SIPs and rupee-cost averaging

A Systematic Investment Plan (SIP) is not a product β€” it's a habit, automated. You instruct your bank to invest a fixed amount, say β‚Ή5,000, into a fund on the same date every month, regardless of where the market is. The genius is behavioural before it is mathematical: it removes the single hardest decision in investing β€” when β€” and replaces it with a standing instruction that ignores your fear and your greed alike.
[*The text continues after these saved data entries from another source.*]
Lemma unary_FA_nat_presentation (X : Type) (rel : X -> X -> Prop) (x0 : X) :
  unary_FA_presentable rel -> exists D (f : nat -> X), nat_presentation rel D f.
Proof.
move=> [L [phi [_ [surj [regEq regRel]]]]].
have phi_eq u v (Lu : L u) (Lv : L v) : u = v -> phi (exist _ u Lu) = phi (exist _ v Lv).
  by move=> eq_uv; subst v; rewrite (proof_irrelevance _ Lu Lv).
(* [phi] on the word [a^n], extended by [x0] outside [L] *)
pose f n := match excluded_middle_informative (L (nseq n tt)) with
            | left Ln => phi (exist _ _ Ln) | right _ => x0 end.
have fE u (Lu : L u) : f (size u) = phi (exist _ u Lu).
  rewrite /f; case: excluded_middle_informative => [Ln|]; last by rewrite -uword_nseq.
  exact: phi_eq (esym (uword_nseq u)).
have lower (P : X -> X -> Prop) :
    regular_rel (fun u v => exists (Lu : L u) (Lv : L v),
                              P (phi (exist _ u Lu)) (phi (exist _ v Lv))) ->
    presented_rel (fun n => L (nseq n tt)) f (fun n => L (nseq n tt)) f P.
  move=> /regular_rel_unaryP; apply: eq_regular_nat2 => p q.
  split=> [[Lp [Lq Ppq]] | [Lp [Lq Ppq]]].
  - by rewrite -(fE _ Lp) -(fE _ Lq) !size_nseq in Ppq.
  - by exists Lp, Lq; rewrite -(fE _ Lp) -(fE _ Lq) !size_nseq.
exists (fun n => L (nseq n tt)), f; split; [|exact: lower regEq|exact: lower regRel].
move=> x; have [[u Lu] <-] := surj x.
exists (size u); first by rewrite -uword_nseq.
exact: fE.
Qed.

Section Attach.
Variables (G T : Type) (gamma : G -> G -> Prop) (eta : T -> T -> Prop) (g : G) (t : T).

Definition attach_inr (y : T) : attach_vertex G t :=
  match excluded_middle_informative (y = t) with
  | left _ => inl g
  | right ne => inr (exist _ y ne)
  end.

Lemma attach_inr_id : attach_inr t = inl g.
Proof. by rewrite /attach_inr; case: excluded_middle_informative. Qed.

Lemma attach_inr_neq y (ne : y <> t) : attach_inr y = inr (exist _ y ne).
Proof.
rewrite /attach_inr; case: excluded_middle_informative => // ne'.
by rewrite (proof_irrelevance _ ne ne').
Qed.

Lemma attach_inrP y : y = t \/ exists ne : y <> t, attach_inr y = inr (exist _ y ne).
Proof.
by case: (classic (y = t)) => [|ne]; [left | right; exists ne; apply: attach_inr_neq].
Qed.

Lemma attach_inr_inj : injective attach_inr.
Proof.
move=> x y; case: (attach_inrP x) => [->|[nx ->]]; case: (attach_inrP y) => [->|[ny ->]] //.
- by rewrite attach_inr_id.
- by rewrite attach_inr_id.
- by case.
Qed.

Lemma inl_eq_attach_inr x y : inl x = attach_inr y <-> x = g /\ y = t.
Proof.
case: (attach_inrP y) => [->|[ny ->]]; rewrite ?attach_inr_id; intuition (try congruence).
Qed.

Lemma attach_rel_inr_inr x y :
  attach_rel gamma eta g (attach_inr x) (attach_inr y) <->
  eta x y \/ (x = t /\ y = t /\ gamma g g).
Proof.
case: (attach_inrP x) => [->|[nx ->]]; case: (attach_inrP y) => [->|[ny ->]];
  rewrite ?attach_inr_id /=; intuition.
Qed.

Lemma attach_rel_inl_inr x y :
  attach_rel gamma eta g (inl x) (attach_inr y) <->
  (gamma x g /\ y = t) \/ (x = g /\ eta t y).
Proof.
case: (attach_inrP y) => [->|[ny ->]]; rewrite ?attach_inr_id /=; intuition (try congruence).
Qed.

Lemma attach_rel_inr_inl x y :
  attach_rel gamma eta g (attach_inr x) (inl y) <->
  (x = t /\ gamma g y) \/ (eta x t /\ y = g).
Proof.
case: (attach_inrP x) => [->|[nx ->]]; rewrite ?attach_inr_id /=; intuition (try congruence).
Qed.

End Attach.




Section AttachPresentation.
Variables (G T : Type) (gamma : G -> G -> Prop) (eta : T -> T -> Prop) (g : G) (t : T).
Variables (DG : nat -> Prop) (fG : nat -> G) (DT : nat -> Prop) (fT : nat -> T).
Hypotheses (presG : nat_presentation gamma DG fG) (presT : nat_presentation eta DT fT).

Definition attach_dom (b : bool) : nat -> Prop := if b then DT else DG.

Definition attach_num (b : bool) : nat -> attach_vertex G t :=
  if b then attach_inr g t \o fT else inl \o fG.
The mechanism it exploits is rupee-cost averaging. Because you invest a fixed amount rather than buying a fixed number of units, you automatically buy more units when prices are low and fewer when prices are high. You can't help but lean, gently, in the right direction.

Key takeaways

  • βœ“A mutual fund pools money to buy a basket; you own units priced by NAV, and your money is ring-fenced from the AMC.
  • βœ“The expense ratio is a yearly headwind that compounds against you β€” small percentages become large sums over decades.
  • βœ“By arithmetic, the average active fund must trail the market after costs, and few winners can be picked in advance β€” so a low-cost index fund is a strong default core.
  • βœ“Always prefer the direct plan over the regular plan of the same fund; the only difference is a commission you don't have to pay.
  • βœ“Index funds trade at end-of-day NAV; ETFs trade live on the exchange β€” mind tracking error and ETF liquidity/spreads.
  • βœ“An SIP automates the hardest decision (when), and rupee-cost averaging quietly buys more when prices are low.